When you reach the line in the data below that contains "by apply: eq_bigr => u /eqP", please start repeating lines exactly, and stop after the line that contains "move=> hk Pw;", repeating nothing else.

(Stored data entries)
:::::
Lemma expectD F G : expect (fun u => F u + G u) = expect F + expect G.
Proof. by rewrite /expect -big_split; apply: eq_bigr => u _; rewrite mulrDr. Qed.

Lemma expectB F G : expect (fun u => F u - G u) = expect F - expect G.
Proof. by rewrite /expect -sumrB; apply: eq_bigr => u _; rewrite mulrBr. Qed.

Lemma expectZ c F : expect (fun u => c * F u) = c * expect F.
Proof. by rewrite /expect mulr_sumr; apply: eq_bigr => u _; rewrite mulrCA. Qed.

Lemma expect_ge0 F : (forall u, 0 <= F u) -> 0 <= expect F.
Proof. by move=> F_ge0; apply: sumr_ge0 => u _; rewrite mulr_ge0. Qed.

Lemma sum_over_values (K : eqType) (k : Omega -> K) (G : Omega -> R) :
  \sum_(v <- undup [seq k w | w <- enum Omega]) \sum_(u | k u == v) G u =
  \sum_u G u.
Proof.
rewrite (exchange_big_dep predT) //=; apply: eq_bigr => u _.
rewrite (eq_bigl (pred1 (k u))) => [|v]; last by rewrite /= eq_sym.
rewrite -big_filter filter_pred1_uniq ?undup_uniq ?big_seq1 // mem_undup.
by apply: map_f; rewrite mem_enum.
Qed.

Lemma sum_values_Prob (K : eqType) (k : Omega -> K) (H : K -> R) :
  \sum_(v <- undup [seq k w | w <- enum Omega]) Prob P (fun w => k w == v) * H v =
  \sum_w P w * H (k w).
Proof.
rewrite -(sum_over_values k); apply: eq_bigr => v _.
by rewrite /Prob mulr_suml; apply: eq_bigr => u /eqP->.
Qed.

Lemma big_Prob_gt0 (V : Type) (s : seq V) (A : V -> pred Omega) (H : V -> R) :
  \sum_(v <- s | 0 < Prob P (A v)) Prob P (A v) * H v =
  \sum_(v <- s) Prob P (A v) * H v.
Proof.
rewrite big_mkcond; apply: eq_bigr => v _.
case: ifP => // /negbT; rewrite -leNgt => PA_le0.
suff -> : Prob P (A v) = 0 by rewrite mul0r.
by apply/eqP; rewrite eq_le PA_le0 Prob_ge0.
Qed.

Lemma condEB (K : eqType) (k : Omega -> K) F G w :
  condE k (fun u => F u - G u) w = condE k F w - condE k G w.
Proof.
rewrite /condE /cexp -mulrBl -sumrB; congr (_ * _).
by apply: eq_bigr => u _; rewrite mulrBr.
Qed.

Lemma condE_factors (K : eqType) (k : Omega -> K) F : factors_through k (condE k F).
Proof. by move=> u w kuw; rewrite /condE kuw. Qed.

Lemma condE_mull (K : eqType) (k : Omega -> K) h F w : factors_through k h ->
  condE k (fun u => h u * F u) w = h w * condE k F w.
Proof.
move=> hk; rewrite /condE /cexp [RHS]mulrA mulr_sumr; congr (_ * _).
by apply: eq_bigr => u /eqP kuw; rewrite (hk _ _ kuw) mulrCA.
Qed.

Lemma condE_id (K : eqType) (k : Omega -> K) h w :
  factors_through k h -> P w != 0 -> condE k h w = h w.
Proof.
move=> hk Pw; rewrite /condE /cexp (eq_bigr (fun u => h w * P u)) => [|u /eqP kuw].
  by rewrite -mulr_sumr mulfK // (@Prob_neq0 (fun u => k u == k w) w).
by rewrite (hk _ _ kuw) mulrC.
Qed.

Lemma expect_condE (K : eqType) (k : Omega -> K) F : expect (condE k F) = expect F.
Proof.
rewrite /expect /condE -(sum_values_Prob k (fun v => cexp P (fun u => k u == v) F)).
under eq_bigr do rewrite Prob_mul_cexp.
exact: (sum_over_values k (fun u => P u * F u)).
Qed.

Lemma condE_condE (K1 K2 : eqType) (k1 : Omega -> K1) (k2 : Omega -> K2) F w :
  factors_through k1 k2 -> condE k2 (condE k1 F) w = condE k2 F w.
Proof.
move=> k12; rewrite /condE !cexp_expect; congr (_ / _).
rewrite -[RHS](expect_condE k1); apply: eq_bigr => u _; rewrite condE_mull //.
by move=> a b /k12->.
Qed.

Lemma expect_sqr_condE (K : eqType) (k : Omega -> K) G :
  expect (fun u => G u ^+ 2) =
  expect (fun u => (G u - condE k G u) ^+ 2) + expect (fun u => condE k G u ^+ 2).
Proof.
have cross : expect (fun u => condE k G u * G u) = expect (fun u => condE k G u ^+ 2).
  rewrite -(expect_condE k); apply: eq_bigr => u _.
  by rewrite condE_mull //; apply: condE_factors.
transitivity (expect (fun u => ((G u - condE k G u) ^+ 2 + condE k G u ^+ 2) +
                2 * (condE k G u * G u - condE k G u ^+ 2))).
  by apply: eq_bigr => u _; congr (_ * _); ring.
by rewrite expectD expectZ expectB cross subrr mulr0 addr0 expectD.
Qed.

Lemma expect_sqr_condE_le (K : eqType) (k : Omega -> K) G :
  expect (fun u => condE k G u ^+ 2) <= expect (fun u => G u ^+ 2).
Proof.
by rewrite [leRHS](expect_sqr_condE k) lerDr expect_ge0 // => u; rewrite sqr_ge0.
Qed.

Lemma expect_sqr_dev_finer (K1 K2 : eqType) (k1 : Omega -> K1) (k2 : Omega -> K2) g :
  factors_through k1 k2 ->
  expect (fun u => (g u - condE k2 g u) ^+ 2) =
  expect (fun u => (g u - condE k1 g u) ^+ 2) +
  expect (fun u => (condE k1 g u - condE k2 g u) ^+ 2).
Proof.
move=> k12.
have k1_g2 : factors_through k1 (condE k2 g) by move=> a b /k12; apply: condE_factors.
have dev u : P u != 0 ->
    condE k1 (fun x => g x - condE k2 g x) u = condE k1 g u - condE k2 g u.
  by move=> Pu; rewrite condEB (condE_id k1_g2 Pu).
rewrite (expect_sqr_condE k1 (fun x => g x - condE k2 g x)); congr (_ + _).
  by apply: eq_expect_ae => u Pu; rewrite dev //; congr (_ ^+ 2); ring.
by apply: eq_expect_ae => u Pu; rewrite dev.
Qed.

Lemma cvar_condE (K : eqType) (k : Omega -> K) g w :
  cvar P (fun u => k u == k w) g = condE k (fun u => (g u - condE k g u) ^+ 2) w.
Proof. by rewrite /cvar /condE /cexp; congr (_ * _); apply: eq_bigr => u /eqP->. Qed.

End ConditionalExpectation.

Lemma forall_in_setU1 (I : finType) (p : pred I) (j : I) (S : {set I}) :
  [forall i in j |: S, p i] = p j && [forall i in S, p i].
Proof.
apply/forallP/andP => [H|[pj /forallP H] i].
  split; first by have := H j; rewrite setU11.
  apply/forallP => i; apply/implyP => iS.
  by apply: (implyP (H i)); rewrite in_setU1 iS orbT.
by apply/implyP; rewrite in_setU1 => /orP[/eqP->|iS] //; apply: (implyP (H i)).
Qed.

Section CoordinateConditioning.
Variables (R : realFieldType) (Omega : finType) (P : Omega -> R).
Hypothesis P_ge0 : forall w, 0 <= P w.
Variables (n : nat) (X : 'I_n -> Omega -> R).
:::::
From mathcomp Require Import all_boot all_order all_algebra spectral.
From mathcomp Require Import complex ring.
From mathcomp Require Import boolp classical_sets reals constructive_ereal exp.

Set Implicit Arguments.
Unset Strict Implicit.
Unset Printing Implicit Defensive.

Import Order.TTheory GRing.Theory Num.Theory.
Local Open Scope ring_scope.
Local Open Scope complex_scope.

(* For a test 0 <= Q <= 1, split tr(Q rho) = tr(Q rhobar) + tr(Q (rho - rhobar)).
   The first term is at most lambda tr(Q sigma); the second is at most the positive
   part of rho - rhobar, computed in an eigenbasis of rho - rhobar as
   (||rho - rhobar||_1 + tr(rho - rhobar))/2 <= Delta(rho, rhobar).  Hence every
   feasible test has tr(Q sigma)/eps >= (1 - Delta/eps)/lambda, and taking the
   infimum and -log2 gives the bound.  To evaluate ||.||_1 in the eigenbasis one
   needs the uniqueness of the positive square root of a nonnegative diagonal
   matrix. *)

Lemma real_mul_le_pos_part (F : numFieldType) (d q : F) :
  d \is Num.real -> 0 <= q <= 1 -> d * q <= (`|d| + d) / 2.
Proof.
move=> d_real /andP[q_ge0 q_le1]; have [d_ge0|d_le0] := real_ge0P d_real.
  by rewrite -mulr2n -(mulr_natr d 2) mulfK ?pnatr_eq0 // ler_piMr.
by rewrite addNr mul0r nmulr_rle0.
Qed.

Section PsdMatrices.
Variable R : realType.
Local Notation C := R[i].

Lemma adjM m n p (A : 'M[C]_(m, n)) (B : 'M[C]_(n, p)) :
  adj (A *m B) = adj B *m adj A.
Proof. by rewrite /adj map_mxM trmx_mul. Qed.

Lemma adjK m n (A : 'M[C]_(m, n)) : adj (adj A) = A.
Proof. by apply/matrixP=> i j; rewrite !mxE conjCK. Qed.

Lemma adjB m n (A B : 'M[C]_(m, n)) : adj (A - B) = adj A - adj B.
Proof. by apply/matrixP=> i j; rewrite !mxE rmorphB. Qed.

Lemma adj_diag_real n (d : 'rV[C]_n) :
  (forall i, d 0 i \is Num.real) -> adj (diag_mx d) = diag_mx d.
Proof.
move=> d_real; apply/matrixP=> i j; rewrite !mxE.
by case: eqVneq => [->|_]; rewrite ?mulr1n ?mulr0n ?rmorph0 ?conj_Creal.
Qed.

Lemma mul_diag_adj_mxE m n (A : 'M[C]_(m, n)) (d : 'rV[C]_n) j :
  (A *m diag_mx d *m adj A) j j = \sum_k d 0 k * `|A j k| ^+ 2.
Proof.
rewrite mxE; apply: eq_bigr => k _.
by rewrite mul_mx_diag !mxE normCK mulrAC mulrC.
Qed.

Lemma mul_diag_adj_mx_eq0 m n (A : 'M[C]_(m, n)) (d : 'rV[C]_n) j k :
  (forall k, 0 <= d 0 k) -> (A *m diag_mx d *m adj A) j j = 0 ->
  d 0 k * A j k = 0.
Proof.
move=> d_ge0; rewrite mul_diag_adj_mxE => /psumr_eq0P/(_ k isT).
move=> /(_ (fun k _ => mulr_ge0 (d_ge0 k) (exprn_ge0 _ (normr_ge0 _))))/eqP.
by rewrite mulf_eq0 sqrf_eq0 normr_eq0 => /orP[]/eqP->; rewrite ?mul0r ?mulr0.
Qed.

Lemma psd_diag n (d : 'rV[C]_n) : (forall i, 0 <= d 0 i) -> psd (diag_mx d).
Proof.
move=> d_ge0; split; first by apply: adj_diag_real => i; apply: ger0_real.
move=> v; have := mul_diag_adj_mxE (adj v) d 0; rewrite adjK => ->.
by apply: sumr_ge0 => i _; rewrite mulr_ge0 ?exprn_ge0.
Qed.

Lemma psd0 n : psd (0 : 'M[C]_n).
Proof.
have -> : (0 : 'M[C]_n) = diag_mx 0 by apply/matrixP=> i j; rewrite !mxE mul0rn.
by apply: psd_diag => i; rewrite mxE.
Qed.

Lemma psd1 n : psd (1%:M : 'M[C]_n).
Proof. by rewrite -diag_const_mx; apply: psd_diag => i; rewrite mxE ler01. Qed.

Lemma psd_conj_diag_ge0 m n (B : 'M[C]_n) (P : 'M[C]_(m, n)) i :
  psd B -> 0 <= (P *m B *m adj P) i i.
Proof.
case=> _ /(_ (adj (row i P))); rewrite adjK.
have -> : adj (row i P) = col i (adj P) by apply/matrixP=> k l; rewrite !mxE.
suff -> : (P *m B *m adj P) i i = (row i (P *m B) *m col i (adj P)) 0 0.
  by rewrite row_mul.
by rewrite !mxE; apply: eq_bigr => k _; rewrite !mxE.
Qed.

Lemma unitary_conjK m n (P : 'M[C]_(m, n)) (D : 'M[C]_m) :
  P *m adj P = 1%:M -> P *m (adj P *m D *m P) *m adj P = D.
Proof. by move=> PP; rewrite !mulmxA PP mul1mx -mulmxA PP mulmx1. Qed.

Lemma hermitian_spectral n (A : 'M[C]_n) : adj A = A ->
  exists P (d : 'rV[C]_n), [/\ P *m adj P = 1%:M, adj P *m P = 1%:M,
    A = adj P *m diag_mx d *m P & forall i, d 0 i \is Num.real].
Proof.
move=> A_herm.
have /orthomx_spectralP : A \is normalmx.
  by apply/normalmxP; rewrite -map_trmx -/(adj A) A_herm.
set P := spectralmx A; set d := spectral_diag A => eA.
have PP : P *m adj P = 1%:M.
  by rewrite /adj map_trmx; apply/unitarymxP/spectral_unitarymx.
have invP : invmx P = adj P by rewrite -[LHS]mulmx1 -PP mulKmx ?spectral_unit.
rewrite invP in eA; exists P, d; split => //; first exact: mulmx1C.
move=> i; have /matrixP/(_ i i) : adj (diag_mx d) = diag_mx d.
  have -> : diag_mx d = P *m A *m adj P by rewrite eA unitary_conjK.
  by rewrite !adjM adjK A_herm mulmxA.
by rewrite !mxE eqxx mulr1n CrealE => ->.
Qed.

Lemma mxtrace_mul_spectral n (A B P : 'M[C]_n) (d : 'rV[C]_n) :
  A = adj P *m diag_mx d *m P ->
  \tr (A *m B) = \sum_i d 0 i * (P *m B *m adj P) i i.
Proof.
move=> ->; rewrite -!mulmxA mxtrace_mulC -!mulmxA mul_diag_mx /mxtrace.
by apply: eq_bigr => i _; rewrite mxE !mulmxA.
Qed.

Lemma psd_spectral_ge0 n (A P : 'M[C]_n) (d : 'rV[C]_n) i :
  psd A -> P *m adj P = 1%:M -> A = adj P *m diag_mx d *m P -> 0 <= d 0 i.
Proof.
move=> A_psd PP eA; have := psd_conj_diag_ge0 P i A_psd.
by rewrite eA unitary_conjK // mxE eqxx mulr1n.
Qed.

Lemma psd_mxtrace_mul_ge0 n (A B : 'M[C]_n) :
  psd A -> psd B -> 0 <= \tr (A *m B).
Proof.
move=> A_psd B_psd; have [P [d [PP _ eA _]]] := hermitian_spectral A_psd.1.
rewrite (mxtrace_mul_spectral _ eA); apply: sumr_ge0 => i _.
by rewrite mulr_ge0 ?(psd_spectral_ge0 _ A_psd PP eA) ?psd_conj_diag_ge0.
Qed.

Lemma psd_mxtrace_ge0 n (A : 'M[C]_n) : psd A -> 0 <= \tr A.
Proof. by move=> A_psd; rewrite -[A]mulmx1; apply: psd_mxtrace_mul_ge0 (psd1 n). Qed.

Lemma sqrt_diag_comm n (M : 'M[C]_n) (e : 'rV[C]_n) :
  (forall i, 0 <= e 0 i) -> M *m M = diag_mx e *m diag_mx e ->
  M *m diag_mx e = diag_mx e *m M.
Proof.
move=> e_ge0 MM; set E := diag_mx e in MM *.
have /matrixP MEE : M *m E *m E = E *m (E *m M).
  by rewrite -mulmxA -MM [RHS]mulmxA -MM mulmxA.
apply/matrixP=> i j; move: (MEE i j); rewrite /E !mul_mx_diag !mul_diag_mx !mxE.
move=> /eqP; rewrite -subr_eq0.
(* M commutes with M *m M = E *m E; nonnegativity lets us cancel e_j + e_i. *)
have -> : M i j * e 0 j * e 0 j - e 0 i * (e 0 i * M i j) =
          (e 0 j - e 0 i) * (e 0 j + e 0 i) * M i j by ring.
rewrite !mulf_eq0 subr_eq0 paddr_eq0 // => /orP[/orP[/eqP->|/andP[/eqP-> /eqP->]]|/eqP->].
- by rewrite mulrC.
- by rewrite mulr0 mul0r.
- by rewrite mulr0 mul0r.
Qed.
:::::
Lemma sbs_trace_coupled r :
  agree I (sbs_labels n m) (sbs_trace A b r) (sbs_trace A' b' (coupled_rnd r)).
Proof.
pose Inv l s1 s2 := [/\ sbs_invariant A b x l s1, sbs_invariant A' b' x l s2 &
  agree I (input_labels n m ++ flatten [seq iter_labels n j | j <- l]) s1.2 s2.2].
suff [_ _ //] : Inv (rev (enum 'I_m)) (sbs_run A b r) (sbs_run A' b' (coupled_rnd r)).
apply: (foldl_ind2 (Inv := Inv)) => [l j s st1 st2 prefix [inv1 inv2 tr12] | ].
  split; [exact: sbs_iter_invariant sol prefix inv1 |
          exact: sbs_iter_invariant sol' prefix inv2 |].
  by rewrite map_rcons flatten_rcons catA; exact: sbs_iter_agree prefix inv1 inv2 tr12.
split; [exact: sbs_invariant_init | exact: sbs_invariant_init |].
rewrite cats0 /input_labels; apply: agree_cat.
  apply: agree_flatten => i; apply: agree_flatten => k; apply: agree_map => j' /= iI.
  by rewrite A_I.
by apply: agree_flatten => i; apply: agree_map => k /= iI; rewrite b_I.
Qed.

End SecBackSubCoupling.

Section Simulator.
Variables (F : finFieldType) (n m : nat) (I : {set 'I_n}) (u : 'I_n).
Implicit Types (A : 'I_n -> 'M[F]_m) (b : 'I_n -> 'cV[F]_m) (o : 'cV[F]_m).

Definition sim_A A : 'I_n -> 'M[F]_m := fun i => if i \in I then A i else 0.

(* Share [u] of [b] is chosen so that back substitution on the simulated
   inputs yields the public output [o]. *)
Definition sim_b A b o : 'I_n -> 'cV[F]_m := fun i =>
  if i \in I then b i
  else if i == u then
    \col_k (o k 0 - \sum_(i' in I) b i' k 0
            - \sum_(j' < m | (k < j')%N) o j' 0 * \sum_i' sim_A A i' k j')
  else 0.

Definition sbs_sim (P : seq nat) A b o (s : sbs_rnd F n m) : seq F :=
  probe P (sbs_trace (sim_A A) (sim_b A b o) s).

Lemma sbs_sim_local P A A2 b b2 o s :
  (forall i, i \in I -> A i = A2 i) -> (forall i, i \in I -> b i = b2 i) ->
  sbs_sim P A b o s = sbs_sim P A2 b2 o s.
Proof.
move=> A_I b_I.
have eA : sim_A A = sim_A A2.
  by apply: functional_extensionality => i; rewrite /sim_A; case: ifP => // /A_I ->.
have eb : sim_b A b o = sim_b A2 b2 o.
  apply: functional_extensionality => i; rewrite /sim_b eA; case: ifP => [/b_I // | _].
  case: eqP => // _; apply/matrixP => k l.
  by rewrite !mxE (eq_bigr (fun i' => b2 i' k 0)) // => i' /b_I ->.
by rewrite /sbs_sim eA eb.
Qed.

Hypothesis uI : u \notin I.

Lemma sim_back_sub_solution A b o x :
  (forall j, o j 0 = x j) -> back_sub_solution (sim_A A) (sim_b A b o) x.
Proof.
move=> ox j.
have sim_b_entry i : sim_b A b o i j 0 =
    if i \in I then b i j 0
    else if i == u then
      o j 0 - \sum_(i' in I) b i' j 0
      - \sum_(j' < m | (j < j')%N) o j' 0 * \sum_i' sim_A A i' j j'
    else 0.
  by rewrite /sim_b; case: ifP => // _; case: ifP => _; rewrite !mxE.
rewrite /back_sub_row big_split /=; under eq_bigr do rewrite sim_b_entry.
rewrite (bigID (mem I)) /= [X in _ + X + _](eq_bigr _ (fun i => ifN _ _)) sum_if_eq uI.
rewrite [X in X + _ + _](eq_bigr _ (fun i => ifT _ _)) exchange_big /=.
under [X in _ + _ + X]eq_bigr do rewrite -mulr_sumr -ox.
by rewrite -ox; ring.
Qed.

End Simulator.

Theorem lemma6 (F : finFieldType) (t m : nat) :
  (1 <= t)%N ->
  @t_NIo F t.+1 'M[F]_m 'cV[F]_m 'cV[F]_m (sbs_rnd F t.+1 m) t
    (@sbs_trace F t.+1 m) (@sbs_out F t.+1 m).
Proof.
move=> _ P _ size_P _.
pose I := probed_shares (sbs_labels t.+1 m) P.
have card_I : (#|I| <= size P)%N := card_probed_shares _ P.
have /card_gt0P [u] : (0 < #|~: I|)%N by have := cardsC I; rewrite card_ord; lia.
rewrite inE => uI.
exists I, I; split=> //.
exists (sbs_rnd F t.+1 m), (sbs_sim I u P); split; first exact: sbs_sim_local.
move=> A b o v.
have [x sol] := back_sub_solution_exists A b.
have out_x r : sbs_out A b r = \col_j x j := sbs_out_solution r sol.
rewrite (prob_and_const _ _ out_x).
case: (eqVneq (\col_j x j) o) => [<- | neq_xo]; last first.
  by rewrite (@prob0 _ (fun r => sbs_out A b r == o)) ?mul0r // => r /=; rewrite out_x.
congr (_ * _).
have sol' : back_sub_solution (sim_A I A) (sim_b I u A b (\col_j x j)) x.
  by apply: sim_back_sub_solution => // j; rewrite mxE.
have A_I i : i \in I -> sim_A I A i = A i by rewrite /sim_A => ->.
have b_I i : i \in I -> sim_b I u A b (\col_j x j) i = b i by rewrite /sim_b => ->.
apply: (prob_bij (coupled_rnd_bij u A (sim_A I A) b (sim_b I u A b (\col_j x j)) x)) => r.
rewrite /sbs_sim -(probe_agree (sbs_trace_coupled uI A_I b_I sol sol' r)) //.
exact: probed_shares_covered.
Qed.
:::::
> RESPONSE AREA:
by apply: eq_bigr => u /eqP kuw; rewrite (hk _ _ kuw) mulrCA.
Qed.

Lemma condE_id (K : eqType) (k : Omega -> K) h w :
  factors_through k h -> P w != 0 -> condE k h w = h w.
Proof.
move=> hk Pw; rewrite /condE /cexp (eq_bigr (fun u => h w * P u)) => [|u /eqP kuw].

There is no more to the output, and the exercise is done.